- Brief
Which lines below fall between the one containing "- intros t Ht. replace" and the one containing "intros _ Hk1 Hkm1 Hk2 HeT Hs Hc HW L."? Repeat them exactly, counting both of those lines, and add nothing else.

- Data section
===============
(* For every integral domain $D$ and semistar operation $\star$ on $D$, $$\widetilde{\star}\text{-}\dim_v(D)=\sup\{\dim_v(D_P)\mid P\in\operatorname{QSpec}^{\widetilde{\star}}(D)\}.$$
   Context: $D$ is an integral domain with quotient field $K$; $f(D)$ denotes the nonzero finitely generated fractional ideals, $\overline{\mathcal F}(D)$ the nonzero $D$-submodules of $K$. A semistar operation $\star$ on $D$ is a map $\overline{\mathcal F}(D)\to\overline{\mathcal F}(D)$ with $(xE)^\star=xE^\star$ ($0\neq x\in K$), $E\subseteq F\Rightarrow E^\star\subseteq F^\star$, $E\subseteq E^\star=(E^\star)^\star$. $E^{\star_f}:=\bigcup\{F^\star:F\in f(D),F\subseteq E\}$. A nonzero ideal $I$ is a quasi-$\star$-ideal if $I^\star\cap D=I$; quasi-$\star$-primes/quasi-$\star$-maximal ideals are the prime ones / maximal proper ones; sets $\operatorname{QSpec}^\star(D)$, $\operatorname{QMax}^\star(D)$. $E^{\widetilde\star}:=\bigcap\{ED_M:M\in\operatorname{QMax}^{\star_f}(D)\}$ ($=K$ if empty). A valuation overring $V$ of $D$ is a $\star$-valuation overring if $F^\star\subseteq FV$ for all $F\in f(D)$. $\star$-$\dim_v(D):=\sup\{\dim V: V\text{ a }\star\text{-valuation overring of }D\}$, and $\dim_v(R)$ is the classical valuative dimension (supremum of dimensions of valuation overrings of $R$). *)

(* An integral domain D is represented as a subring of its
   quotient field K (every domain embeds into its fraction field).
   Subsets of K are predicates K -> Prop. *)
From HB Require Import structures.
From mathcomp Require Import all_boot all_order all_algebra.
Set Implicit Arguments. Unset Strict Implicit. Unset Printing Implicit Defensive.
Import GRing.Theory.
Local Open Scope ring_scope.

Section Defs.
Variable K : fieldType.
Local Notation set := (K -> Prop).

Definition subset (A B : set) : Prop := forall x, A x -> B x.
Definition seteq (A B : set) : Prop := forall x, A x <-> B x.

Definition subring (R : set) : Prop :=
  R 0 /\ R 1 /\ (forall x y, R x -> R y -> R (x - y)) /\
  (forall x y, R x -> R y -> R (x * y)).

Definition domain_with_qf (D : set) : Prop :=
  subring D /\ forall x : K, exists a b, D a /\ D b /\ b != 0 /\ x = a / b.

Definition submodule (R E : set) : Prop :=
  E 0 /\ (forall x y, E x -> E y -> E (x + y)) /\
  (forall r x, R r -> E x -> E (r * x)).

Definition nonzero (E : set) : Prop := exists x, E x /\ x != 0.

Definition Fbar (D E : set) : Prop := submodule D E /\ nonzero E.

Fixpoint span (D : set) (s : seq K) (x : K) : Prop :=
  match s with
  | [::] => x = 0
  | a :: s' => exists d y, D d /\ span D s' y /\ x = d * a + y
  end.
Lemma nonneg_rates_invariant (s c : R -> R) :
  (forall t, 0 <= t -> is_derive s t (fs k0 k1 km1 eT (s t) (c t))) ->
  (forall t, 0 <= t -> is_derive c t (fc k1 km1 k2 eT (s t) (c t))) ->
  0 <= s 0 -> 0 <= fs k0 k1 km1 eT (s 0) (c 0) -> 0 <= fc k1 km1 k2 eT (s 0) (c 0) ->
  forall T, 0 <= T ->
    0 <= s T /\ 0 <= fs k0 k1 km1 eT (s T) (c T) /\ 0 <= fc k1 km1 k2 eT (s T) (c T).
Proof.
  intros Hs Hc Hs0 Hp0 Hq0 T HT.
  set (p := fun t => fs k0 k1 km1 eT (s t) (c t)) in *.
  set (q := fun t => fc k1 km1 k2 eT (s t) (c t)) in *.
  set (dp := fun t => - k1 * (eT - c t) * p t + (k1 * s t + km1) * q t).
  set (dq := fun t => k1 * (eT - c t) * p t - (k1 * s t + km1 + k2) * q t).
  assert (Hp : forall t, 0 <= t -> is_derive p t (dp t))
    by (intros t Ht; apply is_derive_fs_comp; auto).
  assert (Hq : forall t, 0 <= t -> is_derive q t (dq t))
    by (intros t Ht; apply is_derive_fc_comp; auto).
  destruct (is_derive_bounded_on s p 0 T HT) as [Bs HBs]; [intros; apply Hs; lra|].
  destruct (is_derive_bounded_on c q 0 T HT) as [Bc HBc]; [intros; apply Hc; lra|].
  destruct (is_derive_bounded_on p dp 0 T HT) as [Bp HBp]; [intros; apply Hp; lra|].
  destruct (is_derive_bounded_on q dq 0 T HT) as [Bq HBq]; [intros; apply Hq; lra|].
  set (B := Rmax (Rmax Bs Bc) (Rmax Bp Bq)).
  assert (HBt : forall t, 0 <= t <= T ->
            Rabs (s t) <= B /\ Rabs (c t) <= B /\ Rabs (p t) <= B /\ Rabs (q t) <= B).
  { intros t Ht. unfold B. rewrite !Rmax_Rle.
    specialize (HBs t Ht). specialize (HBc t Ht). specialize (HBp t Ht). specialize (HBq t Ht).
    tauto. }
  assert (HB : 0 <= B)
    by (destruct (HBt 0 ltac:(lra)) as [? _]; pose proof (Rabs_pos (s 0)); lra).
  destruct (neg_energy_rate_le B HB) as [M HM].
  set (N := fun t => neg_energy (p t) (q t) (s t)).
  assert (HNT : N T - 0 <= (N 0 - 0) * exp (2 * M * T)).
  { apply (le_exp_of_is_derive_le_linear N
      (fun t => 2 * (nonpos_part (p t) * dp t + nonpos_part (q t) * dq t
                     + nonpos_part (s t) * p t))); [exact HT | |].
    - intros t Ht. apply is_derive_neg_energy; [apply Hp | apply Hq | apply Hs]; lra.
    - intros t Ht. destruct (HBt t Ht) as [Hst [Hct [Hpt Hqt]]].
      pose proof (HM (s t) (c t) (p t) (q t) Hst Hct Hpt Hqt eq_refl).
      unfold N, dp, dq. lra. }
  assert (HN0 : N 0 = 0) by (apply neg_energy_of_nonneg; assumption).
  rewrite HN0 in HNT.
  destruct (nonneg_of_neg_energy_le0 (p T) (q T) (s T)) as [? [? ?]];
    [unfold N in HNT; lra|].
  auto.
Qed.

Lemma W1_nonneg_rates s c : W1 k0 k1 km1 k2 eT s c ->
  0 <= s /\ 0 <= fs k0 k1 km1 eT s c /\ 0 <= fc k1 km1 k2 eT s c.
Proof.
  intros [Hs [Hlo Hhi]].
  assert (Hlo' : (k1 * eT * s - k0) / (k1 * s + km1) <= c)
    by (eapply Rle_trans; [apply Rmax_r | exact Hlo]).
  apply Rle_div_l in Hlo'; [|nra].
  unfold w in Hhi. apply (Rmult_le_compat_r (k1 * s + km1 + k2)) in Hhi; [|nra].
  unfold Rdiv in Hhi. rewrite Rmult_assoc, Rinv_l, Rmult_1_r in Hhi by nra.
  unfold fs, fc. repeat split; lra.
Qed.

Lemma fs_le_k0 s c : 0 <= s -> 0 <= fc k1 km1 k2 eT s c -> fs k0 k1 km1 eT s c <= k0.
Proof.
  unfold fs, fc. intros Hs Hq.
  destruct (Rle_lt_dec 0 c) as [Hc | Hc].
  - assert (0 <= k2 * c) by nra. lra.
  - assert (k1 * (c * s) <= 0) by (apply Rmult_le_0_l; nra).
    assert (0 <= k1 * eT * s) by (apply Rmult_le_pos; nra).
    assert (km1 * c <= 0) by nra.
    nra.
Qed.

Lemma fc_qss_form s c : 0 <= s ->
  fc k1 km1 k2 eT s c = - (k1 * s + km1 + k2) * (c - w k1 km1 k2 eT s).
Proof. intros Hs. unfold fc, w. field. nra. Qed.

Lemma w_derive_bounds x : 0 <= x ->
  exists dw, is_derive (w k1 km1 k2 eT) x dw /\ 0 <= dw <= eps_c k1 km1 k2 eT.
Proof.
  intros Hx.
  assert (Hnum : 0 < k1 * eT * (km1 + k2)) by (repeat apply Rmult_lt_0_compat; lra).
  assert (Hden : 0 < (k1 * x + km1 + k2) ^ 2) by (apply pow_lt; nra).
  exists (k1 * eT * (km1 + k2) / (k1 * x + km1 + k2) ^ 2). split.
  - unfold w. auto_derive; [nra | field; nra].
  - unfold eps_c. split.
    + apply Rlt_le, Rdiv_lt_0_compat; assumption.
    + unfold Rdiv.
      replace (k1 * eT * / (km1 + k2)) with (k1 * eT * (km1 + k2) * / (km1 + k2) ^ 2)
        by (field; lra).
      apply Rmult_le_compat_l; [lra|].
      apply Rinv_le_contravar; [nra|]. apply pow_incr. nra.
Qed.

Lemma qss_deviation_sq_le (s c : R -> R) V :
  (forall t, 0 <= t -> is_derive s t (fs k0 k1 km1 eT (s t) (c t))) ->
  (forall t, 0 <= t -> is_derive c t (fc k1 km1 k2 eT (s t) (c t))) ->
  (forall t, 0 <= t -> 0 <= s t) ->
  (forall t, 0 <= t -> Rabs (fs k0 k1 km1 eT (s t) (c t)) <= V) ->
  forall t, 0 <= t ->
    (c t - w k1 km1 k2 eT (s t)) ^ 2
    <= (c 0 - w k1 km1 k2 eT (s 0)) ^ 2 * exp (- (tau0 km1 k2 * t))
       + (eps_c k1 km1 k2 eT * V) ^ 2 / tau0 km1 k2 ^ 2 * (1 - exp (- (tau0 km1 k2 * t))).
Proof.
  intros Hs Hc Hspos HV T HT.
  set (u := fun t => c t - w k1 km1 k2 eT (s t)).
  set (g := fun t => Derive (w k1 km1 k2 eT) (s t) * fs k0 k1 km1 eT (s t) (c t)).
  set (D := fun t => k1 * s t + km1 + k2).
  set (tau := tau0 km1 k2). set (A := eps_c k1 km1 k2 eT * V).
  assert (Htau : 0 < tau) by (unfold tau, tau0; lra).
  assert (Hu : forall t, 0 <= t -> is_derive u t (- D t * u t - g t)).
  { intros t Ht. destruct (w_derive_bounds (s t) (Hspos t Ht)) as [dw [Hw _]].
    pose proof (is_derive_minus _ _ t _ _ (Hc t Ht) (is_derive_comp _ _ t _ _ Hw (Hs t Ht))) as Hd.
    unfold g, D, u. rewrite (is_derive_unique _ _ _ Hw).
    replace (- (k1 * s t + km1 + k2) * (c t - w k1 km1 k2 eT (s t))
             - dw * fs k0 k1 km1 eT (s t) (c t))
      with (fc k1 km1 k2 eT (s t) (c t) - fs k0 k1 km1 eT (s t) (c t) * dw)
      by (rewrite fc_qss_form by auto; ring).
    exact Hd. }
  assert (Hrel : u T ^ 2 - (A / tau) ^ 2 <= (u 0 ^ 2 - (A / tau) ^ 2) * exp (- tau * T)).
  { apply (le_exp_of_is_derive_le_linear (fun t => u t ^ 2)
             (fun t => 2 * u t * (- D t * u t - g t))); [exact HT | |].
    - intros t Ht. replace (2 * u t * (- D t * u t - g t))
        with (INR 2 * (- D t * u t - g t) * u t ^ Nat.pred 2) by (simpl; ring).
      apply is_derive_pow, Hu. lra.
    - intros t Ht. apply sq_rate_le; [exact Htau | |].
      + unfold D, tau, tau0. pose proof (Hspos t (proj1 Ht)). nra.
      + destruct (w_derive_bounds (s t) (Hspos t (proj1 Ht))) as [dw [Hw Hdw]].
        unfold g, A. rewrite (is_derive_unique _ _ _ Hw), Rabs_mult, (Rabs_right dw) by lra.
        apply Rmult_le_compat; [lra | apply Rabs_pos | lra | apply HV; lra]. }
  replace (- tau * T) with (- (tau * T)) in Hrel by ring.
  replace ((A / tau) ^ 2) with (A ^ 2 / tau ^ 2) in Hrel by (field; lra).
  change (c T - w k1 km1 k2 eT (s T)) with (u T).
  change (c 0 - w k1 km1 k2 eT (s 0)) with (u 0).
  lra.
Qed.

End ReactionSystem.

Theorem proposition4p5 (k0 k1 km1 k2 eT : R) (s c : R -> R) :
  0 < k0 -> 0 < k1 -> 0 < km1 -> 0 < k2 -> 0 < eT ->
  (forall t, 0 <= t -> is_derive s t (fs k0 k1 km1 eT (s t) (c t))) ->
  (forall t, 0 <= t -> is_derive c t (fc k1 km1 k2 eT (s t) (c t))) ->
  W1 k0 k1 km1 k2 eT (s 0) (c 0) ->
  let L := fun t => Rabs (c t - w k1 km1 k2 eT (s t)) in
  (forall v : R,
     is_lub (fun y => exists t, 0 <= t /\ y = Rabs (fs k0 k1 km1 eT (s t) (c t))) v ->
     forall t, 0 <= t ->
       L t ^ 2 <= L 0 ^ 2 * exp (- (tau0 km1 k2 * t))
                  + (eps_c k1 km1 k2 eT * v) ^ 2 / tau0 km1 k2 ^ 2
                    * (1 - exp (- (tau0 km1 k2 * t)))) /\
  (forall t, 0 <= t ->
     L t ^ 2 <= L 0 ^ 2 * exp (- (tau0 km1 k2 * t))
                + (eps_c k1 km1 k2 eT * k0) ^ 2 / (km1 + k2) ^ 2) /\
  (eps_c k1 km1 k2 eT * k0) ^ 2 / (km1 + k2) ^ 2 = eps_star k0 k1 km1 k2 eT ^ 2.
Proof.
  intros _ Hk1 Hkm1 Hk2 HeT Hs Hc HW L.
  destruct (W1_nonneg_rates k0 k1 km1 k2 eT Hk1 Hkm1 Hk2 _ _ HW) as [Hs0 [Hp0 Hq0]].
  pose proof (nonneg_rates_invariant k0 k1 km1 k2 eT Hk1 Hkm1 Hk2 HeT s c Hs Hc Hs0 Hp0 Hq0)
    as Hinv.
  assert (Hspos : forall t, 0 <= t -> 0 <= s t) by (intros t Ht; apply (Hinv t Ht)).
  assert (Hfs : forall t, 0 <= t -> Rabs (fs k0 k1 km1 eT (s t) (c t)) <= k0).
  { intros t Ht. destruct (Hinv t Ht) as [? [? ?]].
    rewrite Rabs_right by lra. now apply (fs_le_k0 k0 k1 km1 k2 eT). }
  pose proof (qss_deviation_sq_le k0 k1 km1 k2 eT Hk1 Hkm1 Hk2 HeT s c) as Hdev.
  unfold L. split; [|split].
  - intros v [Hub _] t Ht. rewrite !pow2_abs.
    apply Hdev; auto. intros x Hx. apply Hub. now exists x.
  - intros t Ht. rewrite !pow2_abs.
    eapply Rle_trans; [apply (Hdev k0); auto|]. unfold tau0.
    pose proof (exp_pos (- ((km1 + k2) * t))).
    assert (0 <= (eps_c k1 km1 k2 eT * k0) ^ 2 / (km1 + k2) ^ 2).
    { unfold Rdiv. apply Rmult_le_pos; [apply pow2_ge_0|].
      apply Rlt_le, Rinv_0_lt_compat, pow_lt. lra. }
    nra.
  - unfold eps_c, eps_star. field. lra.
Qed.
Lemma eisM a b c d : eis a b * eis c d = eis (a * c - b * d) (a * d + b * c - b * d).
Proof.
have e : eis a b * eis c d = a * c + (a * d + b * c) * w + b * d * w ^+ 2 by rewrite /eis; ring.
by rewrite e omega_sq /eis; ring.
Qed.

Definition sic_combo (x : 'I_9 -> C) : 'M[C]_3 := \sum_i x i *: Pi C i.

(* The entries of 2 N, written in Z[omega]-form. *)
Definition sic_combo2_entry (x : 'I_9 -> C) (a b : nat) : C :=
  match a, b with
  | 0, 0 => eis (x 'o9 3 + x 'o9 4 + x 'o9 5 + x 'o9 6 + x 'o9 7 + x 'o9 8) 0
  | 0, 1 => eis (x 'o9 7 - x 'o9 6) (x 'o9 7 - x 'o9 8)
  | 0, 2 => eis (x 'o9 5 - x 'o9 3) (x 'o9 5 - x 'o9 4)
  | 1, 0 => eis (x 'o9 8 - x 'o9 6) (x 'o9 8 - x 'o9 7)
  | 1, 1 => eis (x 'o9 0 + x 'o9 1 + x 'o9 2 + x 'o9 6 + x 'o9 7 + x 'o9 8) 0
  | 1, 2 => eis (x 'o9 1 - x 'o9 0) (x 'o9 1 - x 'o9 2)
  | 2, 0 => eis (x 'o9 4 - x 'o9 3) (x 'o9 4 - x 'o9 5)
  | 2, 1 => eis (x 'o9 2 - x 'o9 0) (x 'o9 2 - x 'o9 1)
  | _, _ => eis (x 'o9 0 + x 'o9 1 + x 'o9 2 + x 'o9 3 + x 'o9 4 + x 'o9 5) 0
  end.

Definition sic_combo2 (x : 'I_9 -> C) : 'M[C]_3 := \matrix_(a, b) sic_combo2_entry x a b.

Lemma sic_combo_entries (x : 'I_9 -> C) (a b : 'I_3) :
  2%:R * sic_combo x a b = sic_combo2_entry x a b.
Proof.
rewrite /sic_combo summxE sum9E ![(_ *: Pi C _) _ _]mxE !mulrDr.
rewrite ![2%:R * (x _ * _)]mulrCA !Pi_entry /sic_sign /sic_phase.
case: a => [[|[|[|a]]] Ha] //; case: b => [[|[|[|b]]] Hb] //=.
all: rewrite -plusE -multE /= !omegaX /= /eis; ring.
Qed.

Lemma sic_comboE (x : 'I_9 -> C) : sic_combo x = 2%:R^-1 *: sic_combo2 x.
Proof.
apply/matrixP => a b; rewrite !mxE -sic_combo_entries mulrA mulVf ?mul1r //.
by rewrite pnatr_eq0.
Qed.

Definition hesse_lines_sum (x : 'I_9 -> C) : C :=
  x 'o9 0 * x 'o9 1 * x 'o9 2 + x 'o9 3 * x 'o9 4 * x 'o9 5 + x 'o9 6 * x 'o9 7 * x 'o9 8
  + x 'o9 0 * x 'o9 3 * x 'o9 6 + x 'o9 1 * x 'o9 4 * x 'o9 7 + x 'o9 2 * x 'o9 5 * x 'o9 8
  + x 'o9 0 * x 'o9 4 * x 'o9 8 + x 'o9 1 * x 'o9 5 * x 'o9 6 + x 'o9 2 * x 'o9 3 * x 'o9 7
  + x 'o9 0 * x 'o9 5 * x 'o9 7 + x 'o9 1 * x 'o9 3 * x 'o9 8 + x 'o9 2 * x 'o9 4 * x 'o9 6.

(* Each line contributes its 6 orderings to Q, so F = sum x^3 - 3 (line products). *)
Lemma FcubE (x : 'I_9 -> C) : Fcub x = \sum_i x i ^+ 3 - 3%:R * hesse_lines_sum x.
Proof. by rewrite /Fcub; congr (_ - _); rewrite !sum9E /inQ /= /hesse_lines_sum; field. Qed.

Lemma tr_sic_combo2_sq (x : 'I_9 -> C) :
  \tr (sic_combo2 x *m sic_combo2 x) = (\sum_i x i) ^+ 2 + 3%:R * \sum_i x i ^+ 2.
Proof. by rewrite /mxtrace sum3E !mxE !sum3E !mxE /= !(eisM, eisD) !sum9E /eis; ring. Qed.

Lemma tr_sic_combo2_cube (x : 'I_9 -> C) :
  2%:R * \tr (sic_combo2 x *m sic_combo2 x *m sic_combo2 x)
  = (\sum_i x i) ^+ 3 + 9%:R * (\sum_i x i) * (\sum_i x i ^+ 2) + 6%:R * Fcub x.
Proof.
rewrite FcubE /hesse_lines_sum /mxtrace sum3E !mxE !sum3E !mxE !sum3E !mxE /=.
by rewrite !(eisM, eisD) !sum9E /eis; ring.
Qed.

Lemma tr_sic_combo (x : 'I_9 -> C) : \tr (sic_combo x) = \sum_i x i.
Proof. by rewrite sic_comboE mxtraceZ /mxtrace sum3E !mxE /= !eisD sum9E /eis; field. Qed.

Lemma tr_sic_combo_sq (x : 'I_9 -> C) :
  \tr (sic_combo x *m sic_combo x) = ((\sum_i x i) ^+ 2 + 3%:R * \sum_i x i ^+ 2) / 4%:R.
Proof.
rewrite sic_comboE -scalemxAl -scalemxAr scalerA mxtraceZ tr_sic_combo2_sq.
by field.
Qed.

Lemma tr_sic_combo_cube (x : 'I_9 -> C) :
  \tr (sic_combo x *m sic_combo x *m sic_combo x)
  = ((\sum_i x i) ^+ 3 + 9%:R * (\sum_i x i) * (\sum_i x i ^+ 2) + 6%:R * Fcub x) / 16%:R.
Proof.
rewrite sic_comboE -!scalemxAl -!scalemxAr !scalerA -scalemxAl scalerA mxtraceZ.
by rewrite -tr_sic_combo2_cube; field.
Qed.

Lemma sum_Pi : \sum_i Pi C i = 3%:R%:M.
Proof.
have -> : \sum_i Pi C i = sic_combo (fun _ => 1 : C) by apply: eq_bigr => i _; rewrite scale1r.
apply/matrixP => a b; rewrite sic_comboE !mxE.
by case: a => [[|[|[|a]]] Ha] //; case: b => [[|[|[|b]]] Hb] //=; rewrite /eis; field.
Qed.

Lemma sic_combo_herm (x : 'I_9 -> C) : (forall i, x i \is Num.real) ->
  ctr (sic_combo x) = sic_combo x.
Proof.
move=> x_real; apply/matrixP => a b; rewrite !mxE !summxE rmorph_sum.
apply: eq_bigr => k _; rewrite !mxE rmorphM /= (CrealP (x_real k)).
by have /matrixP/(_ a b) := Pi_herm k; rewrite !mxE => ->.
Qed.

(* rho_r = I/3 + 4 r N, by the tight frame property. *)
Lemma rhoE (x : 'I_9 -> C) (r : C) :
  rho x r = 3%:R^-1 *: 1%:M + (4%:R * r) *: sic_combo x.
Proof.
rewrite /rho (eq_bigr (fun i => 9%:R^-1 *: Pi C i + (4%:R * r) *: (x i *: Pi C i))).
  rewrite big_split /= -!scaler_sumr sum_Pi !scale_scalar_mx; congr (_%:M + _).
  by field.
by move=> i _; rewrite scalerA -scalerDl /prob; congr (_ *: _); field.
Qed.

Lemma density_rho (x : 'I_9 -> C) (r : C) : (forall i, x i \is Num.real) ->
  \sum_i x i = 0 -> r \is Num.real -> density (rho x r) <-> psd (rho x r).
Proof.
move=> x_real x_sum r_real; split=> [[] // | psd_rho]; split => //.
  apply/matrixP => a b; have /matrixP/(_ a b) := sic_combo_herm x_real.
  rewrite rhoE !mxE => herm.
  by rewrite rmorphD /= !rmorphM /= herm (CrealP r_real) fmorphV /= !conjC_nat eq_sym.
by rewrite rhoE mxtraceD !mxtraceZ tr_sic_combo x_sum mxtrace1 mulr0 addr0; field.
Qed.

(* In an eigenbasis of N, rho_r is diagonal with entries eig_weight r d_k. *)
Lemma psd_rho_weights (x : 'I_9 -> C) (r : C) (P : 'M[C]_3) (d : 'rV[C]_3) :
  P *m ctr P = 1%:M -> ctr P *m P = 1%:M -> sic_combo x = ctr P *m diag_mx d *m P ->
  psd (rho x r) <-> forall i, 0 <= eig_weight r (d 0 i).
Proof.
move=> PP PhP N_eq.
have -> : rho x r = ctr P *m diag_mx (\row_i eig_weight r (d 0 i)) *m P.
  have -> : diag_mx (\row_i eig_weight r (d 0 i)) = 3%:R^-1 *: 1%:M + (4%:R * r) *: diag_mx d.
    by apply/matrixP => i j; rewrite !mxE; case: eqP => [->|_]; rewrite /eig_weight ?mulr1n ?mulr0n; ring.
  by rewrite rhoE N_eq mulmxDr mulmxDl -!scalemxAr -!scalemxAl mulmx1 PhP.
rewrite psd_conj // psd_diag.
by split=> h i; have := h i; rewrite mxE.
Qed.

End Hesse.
===============
- Solution for this exercise
    - intros t Ht. replace (2 * u t * (- D t * u t - g t))
        with (INR 2 * (- D t * u t - g t) * u t ^ Nat.pred 2) by (simpl; ring).
      apply is_derive_pow, Hu. lra.
    - intros t Ht. apply sq_rate_le; [exact Htau | |].
      + unfold D, tau, tau0. pose proof (Hspos t (proj1 Ht)). nra.
      + destruct (w_derive_bounds (s t) (Hspos t (proj1 Ht))) as [dw [Hw Hdw]].
        unfold g, A. rewrite (is_derive_unique _ _ _ Hw), Rabs_mult, (Rabs_right dw) by lra.
        apply Rmult_le_compat; [lra | apply Rabs_pos | lra | apply HV; lra]. }
  replace (- tau * T) with (- (tau * T)) in Hrel by ring.
  replace ((A / tau) ^ 2) with (A ^ 2 / tau ^ 2) in Hrel by (field; lra).
  change (c T - w k1 km1 k2 eT (s T)) with (u T).
  change (c 0 - w k1 km1 k2 eT (s 0)) with (u 0).
  lra.
Qed.

End ReactionSystem.

Theorem proposition4p5 (k0 k1 km1 k2 eT : R) (s c : R -> R) :
  0 < k0 -> 0 < k1 -> 0 < km1 -> 0 < k2 -> 0 < eT ->
  (forall t, 0 <= t -> is_derive s t (fs k0 k1 km1 eT (s t) (c t))) ->
  (forall t, 0 <= t -> is_derive c t (fc k1 km1 k2 eT (s t) (c t))) ->
  W1 k0 k1 km1 k2 eT (s 0) (c 0) ->
  let L := fun t => Rabs (c t - w k1 km1 k2 eT (s t)) in
  (forall v : R,
     is_lub (fun y => exists t, 0 <= t /\ y = Rabs (fs k0 k1 km1 eT (s t) (c t))) v ->
     forall t, 0 <= t ->
       L t ^ 2 <= L 0 ^ 2 * exp (- (tau0 km1 k2 * t))
                  + (eps_c k1 km1 k2 eT * v) ^ 2 / tau0 km1 k2 ^ 2
                    * (1 - exp (- (tau0 km1 k2 * t)))) /\
  (forall t, 0 <= t ->
     L t ^ 2 <= L 0 ^ 2 * exp (- (tau0 km1 k2 * t))
                + (eps_c k1 km1 k2 eT * k0) ^ 2 / (km1 + k2) ^ 2) /\
  (eps_c k1 km1 k2 eT * k0) ^ 2 / (km1 + k2) ^ 2 = eps_star k0 k1 km1 k2 eT ^ 2.
Proof.
  intros _ Hk1 Hkm1 Hk2 HeT Hs Hc HW L.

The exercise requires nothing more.